Все дивились, как рано цветут цветы, как сильно. А больше всего дивились, что собирался раскрыться “страшный змеиный цвет”, – большая арма в зеленой кадке. Никогда не цвела она. А теперь, из самой середки, откуда выходили длинные листья, похожие на весла, вытянулся долгий зеленый стебель с огромной шишкой. Еще на “Крестопоклонной” заметил его отец. Матушка сколько раз просила выбросить его вон, – “сколько он нам несчастья принес!..” – но отец не хотел и слышать, смеялся даже: “что же, преосвященный несчастья хотел дедушке, подарил-то?!” И вот, в это лето, “страшный змеиный цвет” выбросил долгий стебель и наливает цветок-бутонище. Видавшие его в теплицах рассказывали: “как змеиная голова цветок! пасть огненная, как кровь... а из нее то-нкое, длиннеющее жало, сине-желтое, будто пламень!” И садовник-немец из Нескучного тоже говорил – “ядовитый-змеиный голова... ошень жютки!”.
Гости глядят на бутонище и шепчутся и все покачивают головой. Я разбираю в шепоте: “и этот еще, страшенный... и все цветы! это уж всегда к чему-то”. К чему-нибудь страшному? Боюсь и думать, страшно от этих слов – “к чему-то”. Но зачем же тогда сажают цветы, и все хотят, чтобы они цвели?” И вдруг, вспоминаю радостно, как умная тетя Люба говорит про разные приметы: “все это бабьи сказки!” И вот, когда бабка Надежда Тимофеевна, дяди Егора мать, костлявая-худящая, похожая на Бабу-Ягу, и такая-то скряга, прошамкала над моим ухом, глядя на “страшный змеиный цвет”, – “это уж неспроста... не к добру-у...” – я испугался и рассердился – крикнул: “все это бабьи сказки!” Она хотела схватить меня за ухо, но я отскочил в высунул ей язык. Она так и зашипела-зашамкала: “ах, ты, пащенок... выпороть тебя!” Пожаловалась матушке, но та только отмахнулась: “ах, оставьте, тетушка... не до того мне”.
Обедали без отца. Он поднялся было, Горкин его поддерживал... но когда входил в залу, у него закружилась голова. Все затихли, глядели, как он ухватился за косяк. Он махнул рукой, и я разобрал его слабый голос: “нет... лягу...” Его положили на диван и побежали за льдом. Обед был невеселый, и гости скоро разъехались.
Вечерком я пошел к Горкину в мастерскую. Он сидел под поникшей березкой и слушал, как скорняк читал про Великомученика и Целителя Пантелеимона.
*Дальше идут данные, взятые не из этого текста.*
Lemma process_sub E pq : {subset E <= process s E pq}.
Proof. by rewrite /process; case: ifP => _ e eE //; rewrite mem_rcons inE eE orbT. Qed.

Lemma mem_process E pq e : e \in process s E pq -> (e \in E) || (e == pq).
Proof.
by rewrite /process; case: ifP => _; [move->|rewrite mem_rcons inE orbC].
Qed.

Lemma process_cover E pq : (pq \in process s E pq) || has (blocks s pq) E.
Proof. by rewrite /process; case: ifP; rewrite ?orbT // mem_rcons mem_head. Qed.

Lemma process_pairwise E pq :
  pairwise not_blocking E -> pairwise not_blocking (process s E pq).
Proof.
rewrite /process; case: ifP => // blocked pE.
by rewrite pairwise_rcons pE andbT; apply/allP => e eE; apply: contraFN blocked => ?;
  apply/hasP; exists e.
Qed.

Lemma mem_foldl_process E0 ord e :
  e \in foldl (process s) E0 ord -> (e \in E0) || (e \in ord).
Proof.
elim: ord E0 => [|pq ord IH] E0 /=; first by move->.
move=> /IH /orP [/mem_process /orP [->|/eqP->]|e_ord] //.
  by rewrite mem_head orbT.
by rewrite inE e_ord !orbT.
Qed.

Lemma foldl_process_sub E0 ord : {subset E0 <= foldl (process s) E0 ord}.
Proof.
by elim: ord E0 => [|pq ord IH] E0 //= e /(process_sub pq) /IH.
Qed.

Lemma foldl_process_cover E0 ord pq : pq \in ord ->
  let E := foldl (process s) E0 ord in (pq \in E) || has (blocks s pq) E.
Proof.
elim: ord E0 => [//|pq' ord IH] E0; rewrite inE => /orP [/eqP-> /=|pq_ord]; last exact: IH.
have /orP [pqE|/hasP [e eE be]] := process_cover E0 pq'.
  by rewrite foldl_process_sub.
apply/orP; right; apply/hasP; exists e => //.
exact/foldl_process_sub/process_sub.
Qed.

Lemma foldl_process_pairwise E0 ord : pairwise not_blocking E0 ->
  pairwise not_blocking (foldl (process s) E0 ord).
Proof.
by elim: ord E0 => [|pq ord IH] E0 //= pE; apply/IH/process_pairwise.
Qed.

Lemma uncoordinated_pairwise ord : pairwise not_blocking (uncoordinated s ord).
Proof. exact: foldl_process_pairwise. Qed.

Lemma uncoordinated_uniq ord : -1 < s -> uniq (uncoordinated s ord).
Proof.
move=> s_gt; apply: pairwise_uniq (uncoordinated_pairwise ord) => e.
by rewrite /not_blocking blocks_refl.
Qed.

Lemma uncoordinated_mutual_blocks ord e f :
  e \in uncoordinated s ord -> f \in uncoordinated s ord ->
  blocks s e f -> blocks s f e -> e = f.
Proof.
move=> eE fE bef bfe; apply/eqP; apply: contraT.
move=> /(pairwise_total (uncoordinated_pairwise ord) eE fE).
by rewrite /not_blocking bef bfe.
Qed.

Variables (P : seq 'rV[R]_d) (ord : seq ('rV[R]_d * 'rV[R]_d)).
Hypothesis ordP : valid_order P ord.
Local Notation E := (uncoordinated s ord).

Lemma uncoordinated_edgeP e : e \in E -> [/\ e.1 \in P, e.2 \in P & e.1 != e.2].
Proof. by case: e => p q /mem_foldl_process /=; rewrite ordP.2 => /and3P. Qed.

Lemma uncoordinated_cover p q : p \in P -> q \in P -> p != q ->
  ((p, q) \in E) || has (blocks s (p, q)) E.
Proof. by move=> pP qP pq; apply: foldl_process_cover; rewrite ordP.2 pP qP. Qed.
Я долго слушал, как жалостливо вычитывал Василь-Василич... – как царь Максимлиян терзал Святого и травил дикими львами, но не мог причинить смертной погибели, и тогда повелел воинам, дабы усекли Святому главу мечом. И великие чудеса случились. Когда царь Максимлиян велел побить львов а выкинуть мертвые тела их голодным псам и хищным орлам, никто и не коснулся святых тел, потому что они не тронули Святого, а легли покорно у его ног. А когда царь, в ярости, повелел бросить их в бездонную прорву, тела добрых львов остались нерушенными и нетленными. И тут я подумал; если бы и с папашенькой случилось чудо, исцелил бы его Целитель!.. А Горкин тут и сказал:
– Великие исцеления истекали от Целителя. Один купец в Туле ногу себе топором посек, и загнила нога, все доктора отказались вылечить, потому “онтонов огонь” жег ногу. А как помолился купец с горячей верой Целителю, помазали ему ногу святым маслицем от лампады Целителя, – здоровая нога стала.
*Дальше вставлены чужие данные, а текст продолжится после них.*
Lemma abs_RInt_mul_sin_le (w dw : R -> R) (l r M : R) : l <= r -> 0 < M ->
  (forall t, l <= t <= r -> is_derive w t (dw t)) ->
  (forall t, l <= t <= r -> continuous dw t) ->
  Rabs (RInt (fun t => w t * sin (M * t)) l r)
    <= (Rabs (w l) + Rabs (w r) + RInt (fun t => Rabs (dw t)) l r) / M.
Proof.
  intros Hlr HM Hw Hdw.
  assert (HM' : 0 < / M) by now apply Rinv_0_lt_compat.
  rewrite (RInt_mul_sin_by_parts w dw) by (auto; lra).
  assert (Hboundary : Rabs ((w l * cos (M * l) - w r * cos (M * r)) / M)
                      <= (Rabs (w l) + Rabs (w r)) / M).
  { unfold Rdiv. rewrite Rabs_mult, (Rabs_pos_eq (/ M)) by lra.
    apply Rmult_le_compat_r; [lra|].
    pose proof (Rabs_triang (w l * cos (M * l)) (- (w r * cos (M * r)))).
    pose proof (abs_mul_cos_le (w l) (M * l)). pose proof (abs_mul_cos_le (w r) (M * r)).
    rewrite Rabs_Ropp in *. unfold Rminus. lra. }
  assert (Hintegral : Rabs (/ M * RInt (fun t => dw t * cos (M * t)) l r)
                      <= RInt (fun t => Rabs (dw t)) l r / M).
  { assert (Hrange : forall t, Rmin l r <= t <= Rmax l r -> l <= t <= r)
      by (intros t; now rewrite Rmin_left, Rmax_right).
    assert (Hc : forall t, l <= t <= r -> continuous (fun t => dw t * cos (M * t)) t).
    { intros t Ht. apply (continuous_mult dw); [auto|].
      apply (ex_derive_continuous (fun t => cos (M * t))). auto_derive; auto. }
    assert (Hex : ex_RInt (fun t => dw t * cos (M * t)) l r)
      by (apply (ex_RInt_continuous (V := R_CompleteNormedModule)); auto).
    rewrite Rabs_mult, (Rabs_pos_eq (/ M)), Rmult_comm by lra.
    apply Rmult_le_compat_r; [lra|].
    eapply Rle_trans; [exact (abs_RInt_le _ _ _ Hlr Hex)|].
    apply RInt_le; [exact Hlr | | |].
    - apply (ex_RInt_continuous (V := R_CompleteNormedModule)).
      intros; apply continuous_Rabs_comp; auto.
    - apply (ex_RInt_continuous (V := R_CompleteNormedModule)).
      intros; apply continuous_Rabs_comp; auto.
    - intros t _. apply abs_mul_cos_le. }
  eapply Rle_trans; [apply Rabs_triang|].
  unfold Rdiv in *. rewrite !Rmult_plus_distr_r in *. lra.
Qed.

(** * The series sum cos (n t) / n^2 *)

Definition cos_term (t : R) (n : nat) : R := cos (INR (S n) * t) / INR (S n) ^ 2.

Definition cos_series (t : R) : R := Series (cos_term t).

Lemma INR_S_ge_1 (n : nat) : 1 <= INR (S n).
Proof. rewrite S_INR. pose proof (pos_INR n). lra. Qed.

(* [1 / (q + 1)^2 <= 1 / q - 1 / (q + 1)], which telescopes. *)
Lemma abs_cos_term_le (t : R) (n : nat) :
  Rabs (cos_term t (S n)) <= / INR (S n) - / INR (S (S n)).
Proof.
  unfold cos_term. rewrite (S_INR (S n)). set (q := INR (S n)).
  assert (Hq : 1 <= q) by apply INR_S_ge_1.
  rewrite Rabs_div, (Rabs_pos_eq ((q + 1) ^ 2)) by (try apply pow_le; try apply pow_nonzero; lra).
  replace (/ q - / (q + 1)) with (/ (q * (q + 1))) by (field; lra).
  assert (Hc : Rabs (cos ((q + 1) * t)) <= 1) by apply Rabs_le, COS_bound.
  apply Rle_trans with (1 / (q + 1) ^ 2).
  - apply Rmult_le_compat_r; [apply Rlt_le, Rinv_0_lt_compat, pow_lt; lra | exact Hc].
  - rewrite Rdiv_1_l. apply Rinv_le_contravar; [apply Rmult_lt_0_compat; lra | simpl; nra].
Qed.

Lemma abs_sum_cos_term_tail_le (t : R) (N k : nat) :
  Rabs (sum_n (cos_term t) (N + k) - sum_n (cos_term t) N) <= / INR (S N) - / INR (S (N + k)).
Proof.
  induction k as [|k IH].
  - rewrite Nat.add_0_r, Rminus_diag, Rabs_R0, Rminus_diag. lra.
  - rewrite Nat.add_succ_r, sum_Sn. change plus with Rplus.
    pose proof (abs_cos_term_le t (N + k)).
    pose proof (Rabs_triang (sum_n (cos_term t) (N + k) - sum_n (cos_term t) N)
                            (cos_term t (S (N + k)))).
    replace (sum_n (cos_term t) (N + k) + cos_term t (S (N + k)) - sum_n (cos_term t) N)
      with (sum_n (cos_term t) (N + k) - sum_n (cos_term t) N + cos_term t (S (N + k))) by ring.
    lra.
Qed.

Lemma abs_sum_cos_term_sub_le (t : R) (N M : nat) : (N <= M)%nat ->
  Rabs (sum_n (cos_term t) M - sum_n (cos_term t) N) <= / INR (S N).
Proof.
  intros HNM. replace M with (N + (M - N))%nat by lia.
  pose proof (abs_sum_cos_term_tail_le t N (M - N)).
  pose proof (Rinv_0_lt_compat (INR (S (N + (M - N)))) (lt_0_INR _ (Nat.lt_0_succ _))).
  lra.
Qed.

Lemma ex_series_cos_term (t : R) : ex_series (cos_term t).
Proof.
  assert (Hlim : ex_finite_lim_seq (sum_n (cos_term t))).
  { apply ex_lim_seq_cauchy_corr. intros eps.
    destruct (archimed_cor1 eps (cond_pos eps)) as [N [HN HN0]].
    exists N. intros n m Hn Hm.
    assert (Hinv : forall k, (N <= k)%nat -> / INR (S k) < eps).
    { intros k Hk. eapply Rle_lt_trans; [|exact HN].
      apply Rinv_le_contravar; [apply lt_0_INR; lia | apply le_INR; lia]. }
    destruct (Nat.le_ge_cases n m) as [Hnm|Hmn].
    - rewrite Rabs_minus_sym. eapply Rle_lt_trans; [apply abs_sum_cos_term_sub_le|]; auto.
    - eapply Rle_lt_trans; [apply abs_sum_cos_term_sub_le|]; auto. }
  destruct Hlim as [l Hl]. now exists l.
Qed.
И скорняк рассказал про разные чудеса. Я спрашиваю Горкина: “а папашеньку может исцелить Целитель?” Он говорит: “а это как Богу будет угодно, молиться надо Целителю, чтобы призрил благосердием на лютое телесе озлобление”.
Посидели мы до огня, уж и ворота заперли. И слышим – опять все Бушуй воет, нет на него уема. Горкин перекрестился и сказал, воздыхая:
– И с чего это он развылся... воет, воет – все сердце извел!
– Стало быть, уж он чует чего... до Радуницы еще выть начал... – говорит скорняк. – К беде и завыл, что вот Сергей Иванычу с лошади упасть... Вот... к болезни его и воет.
И стало мне страшно, как в тот вечер, когда завыл Бушуй в первый раз, в Егорьев День. Вот и цветы все цветут, нежданно... – гости-то все шептались, и этот Бушуйка воет... Страшно идти гулкими, темными сенями, жуть такая. Тут прибежала Маша, кликнула ужинать, и Сергей Иваныч Горкина посидеть зовет. А как, спрашиваем, не лучше? Ничего, говорит, тошнится только. Втроем и пошли сенями.